Catalytic activity in monoclonal antibodies to Cryptococcus neoformans glucuronoxylomannan

Abstract

Studies in the 1980s first showed that some natural antibodies were "catalytic" and able to hydrolyze peptide or phosphodiester bonds in antigens. Many naturally occurring catalytic antibodies have since been isolated from human sera and associated with positive and negative outcomes in autoimmune disease and infection. The function and prevalence of these antibodies, however, remains unclear. A previous study suggested that the 18B7 monoclonal antibody against glucuronoxylomannan (GXM)---the major component of the Cryptococcus neoformans polysaccharide capsule---hydrolyzed a peptide antigen mimetic. Using mass spectrometry and Forster resonance energy transfer techniques, we confirm and characterize the hydrolytic activity of 18B7 against peptide mimetics and show that 18B7 is able to hydrolyze an oligosaccharide substrate, providing the first example of a naturally occurring catalytic antibody for polysaccharides. Additionally, we show that the catalytic 18B7 antibody increases release of capsular polysaccharide from fungal cells.
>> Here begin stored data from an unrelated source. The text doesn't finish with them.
(* f : A^* -> B^* is AC^0-computable: for each input length n there are     *)
(* m n output positions; position j carries one circuit per value           *)
(* o : option B (None = blank), exactly one of which fires; the output is   *)
(* the sequence of non-blank symbols.  Depth is bounded by a constant d,    *)
(* sizes and number of outputs by a polynomial (n+1)^k.                     *)
Definition AC0_computable (A B : finType) (f : seq A -> seq B) : Prop :=
  exists (d k : nat) (m : nat -> nat) (C : nat -> nat -> option B -> circ A),
    [/\ forall n, m n <= n.+1 ^ k,
        forall n j o, csize (C n j o) <= n.+1 ^ k,
        forall n j o, cdepth (C n j o) <= d,
        forall x j, j < m (size x) ->
          #|[pred o : option B | ceval x (C (size x) j o)]| = 1
      & forall x, f x =
          pmap id [seq odflt None [pick o : option B | ceval x (C (size x) j o)]
                  | j <- iota 0 (m (size x))] ].

Definition AC0_many_one (A B : finType) (L1 : seq A -> Prop) (L2 : seq B -> Prop)
  : Prop :=
  exists f : seq A -> seq B, AC0_computable f /\ forall x, L1 x <-> L2 (f x).

Inductive atom (T : Type) : Type :=
  | AConst of T
  | AVar of nat & bool.

Definition atom_eval (T : finGroupType) (s : nat -> T) (a : atom T) : T :=
  match a with
  | AConst g => g
  | AVar i b => if b then ((s i)^-1)%g else s i
  end.

Definition expr_eval (T : finGroupType) (s : nat -> T) (e : seq (atom T)) : T :=
  foldr (fun a acc => (atom_eval s a * acc)%g) 1%g e.

Definition is_identity (T : finGroupType) (e : seq (atom T)) : Prop :=
  forall s : nat -> T, expr_eval s e = 1%g.

(* letter T = T (constants) + {X, X^-1 markers} + {binary digits}.         *)
(* X_i is encoded as the marker followed by the binary expansion of i      *)
(* (most significant bit first, no leading zeros, 0 = empty).               *)
Definition letter (T : Type) := (T + (bool + bool))%type.
Definition LConst (T : Type) (g : T) : letter T := inl g.
Definition LMark (T : Type) (inv : bool) : letter T := inr (inl inv).
Definition LBit (T : Type) (b : bool) : letter T := inr (inr b).

Fixpoint bin_aux (k n : nat) : seq bool :=
  match k with
  | 0 => [::]
  | k'.+1 => if n is 0 then [::] else rcons (bin_aux k' n./2) (odd n)
  end.
Definition bin (n : nat) : seq bool := bin_aux n n.

Definition enc_atom (T : Type) (a : atom T) : seq (letter T) :=
  match a with
  | AConst g => [:: LConst g]
  | AVar i b => LMark T b :: map (@LBit T) (bin i)
  end.

Definition encode (T : Type) (e : seq (atom T)) : seq (letter T) :=
  flatten (map (@enc_atom T) e).

Definition EQN_ID (T : finGroupType) (w : seq (letter T)) : Prop :=
  exists e : seq (atom T), w = encode e /\ is_identity e.

(* S is atomically universally definable: variable 0 plays the role of X,  *)
(* variables 1, 2, ... the roles of Y_1, Y_2, ...                           *)
Definition atomically_universally_definable (T : finGroupType) (S : {set T})
  : Prop :=
  exists alpha : seq (atom T), forall g : T,
    g \in S <-> (forall s : nat -> T, s 0 = g -> expr_eval s alpha = 1%g).

From HB Require Import structures.
From mathcomp Require Import all_boot all_order all_fingroup.
From mathcomp Require Import cyclic zify.
Set Implicit Arguments. Unset Strict Implicit. Unset Printing Implicit Defensive.

(* Lift an expression e over G/H to an expression X over G by choosing coset
   representatives for its constants.  If alpha(X_0; Y_1, Y_2, ...) defines H, then
   alpha with X substituted for X_0 and each Y_j renamed to a variable not occurring
   in e is an identity of G exactly when every value of X lies in H, that is, when e
   is an identity of G/H.  The variables of an input of length n are below 2^n, so
   Y_j can be renamed X_(2^n + j) at polynomial cost; X_0^-1 becomes X^(|G|-1).
   The output is prefixed with X 1 X^(|G|-1): this evaluates to 1, but makes the
   output an encoding only if the input is one, since the part of an encoding before
   a constant letter is again an encoding.  Each output letter is either fixed or the
   image of a single input letter at a position depending only on the input length,
   so the reduction is computed by circuits of depth 1. *)

Definition nat_of_bits (s : seq bool) : nat :=
  foldl (fun acc (b : bool) => acc.*2 + b) 0 s.

Lemma nat_of_bits_rcons s b : nat_of_bits (rcons s b) = (nat_of_bits s).*2 + b.
Proof. by rewrite /nat_of_bits foldl_rcons. Qed.

Lemma nat_of_bits_lt s : nat_of_bits s < 2 ^ size s.
Proof.
elim/last_ind: s => [|s b IHs] //.
by rewrite nat_of_bits_rcons size_rcons expnS -muln2; case: b => /=; lia.
Qed.

Lemma bin_auxK k n : n <= k -> nat_of_bits (bin_aux k n) = n.
Proof.
elim: k n => [|k IHk] [|n] //= le_n_k.
have halves := odd_double_half n.+1; rewrite -muln2 in halves.
rewrite nat_of_bits_rcons IHk; lia.
Qed.

Lemma binK : cancel bin nat_of_bits.
Proof. by move=> n; apply: bin_auxK. Qed.

Lemma ltn_exp2_size_bin n : n < 2 ^ size (bin n).
Proof. by rewrite -{1}(binK n) nat_of_bits_lt. Qed.

Lemma size_bin_aux_leq k n m : n < 2 ^ m -> size (bin_aux k n) <= m.
Proof.
elim: k n m => [|k IHk] [|n] [|m] //=; rewrite ?expn0 // => lt_n.
have halves := odd_double_half n.+1; rewrite -muln2 in halves.
rewrite size_rcons ltnS IHk //; rewrite expnS in lt_n; lia.
Qed.

Lemma size_bin_leq n m : n < 2 ^ m -> size (bin n) <= m.
Proof. exact: size_bin_aux_leq. Qed.

Section Encoding.
Variable T : Type.
Implicit Types (e : seq (atom T)) (w : seq (letter T)).

Lemma encode_cons a e : encode (a :: e) = enc_atom a ++ encode e.
Proof. by []. Qed.

Definition decode_step (l : letter T) (st : seq bool * seq (atom T)) :=
  match l with
  | inl g => ([::], AConst g :: st.2)
  | inr (inl inv) => ([::], AVar T (nat_of_bits st.1) inv :: st.2)
  | inr (inr b) => (b :: st.1, st.2)
  end.

(* Read right to left, so that the bits of a variable are collected before its marker. *)
Definition decode w : seq (atom T) := (foldr decode_step ([::], [::]) w).2.

Lemma foldr_decode_step_encode e :
  foldr decode_step ([::], [::]) (encode e) = ([::], e).
Proof.
elim: e => [|a e IHe] //; rewrite encode_cons foldr_cat IHe.
case: a => [g|i inv] //=.
have collect_bits bs : foldr decode_step ([::], e) (map (@LBit T) bs) = (bs, e).
  by elim: bs => //= b bs ->.
by rewrite collect_bits binK.
Qed.

Lemma encodeK : cancel (@encode T) decode.
Proof. by move=> e; rewrite /decode foldr_decode_step_encode. Qed.

Lemma encode_inj : injective (@encode T).
Proof. exact: can_inj encodeK. Qed.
We also determine kinetic parameters for 18B7's peptidase activity and demonstrate the effects of serine protease and competitive inhibitors. A serine protease inhibitor blocked peptide and oligosaccharide hydrolysis by 18B7 and a putative serine-protease-like active site was identified in the light chain variable region of the antibody. An algorithm was developed to detect similar sites present in unique antibody structures in the Protein Data Bank. The putative site was enriched in catalytic antibody structures and found in 119 of 1602 (7.4%) antibodies with no annotation of catalytic activity. To validate this algorithm, we obtained another antibody with the putative catalytic motif and showed that it was able to hydrolyze a peptide substrate. The ability of many antibodies to cleave antigen, albeit slowly, supports the notion that this activity is an important immunoglobulin function in host defense. The discovery of GXM hydrolytic activity suggests new therapeutic possibilities for polysaccharide-binding antibodies. In the final part of this thesis, we describe related experiments detailing the passive release of capsular polysaccharide by C. neoformans, shedding light on the dynamics of polysaccharide production and secretion by the organism. We also describe studies investigating the structural epitope of mAbs to GXM using glycan microarrays, which provide a better understanding for mAb activity and GXM structure.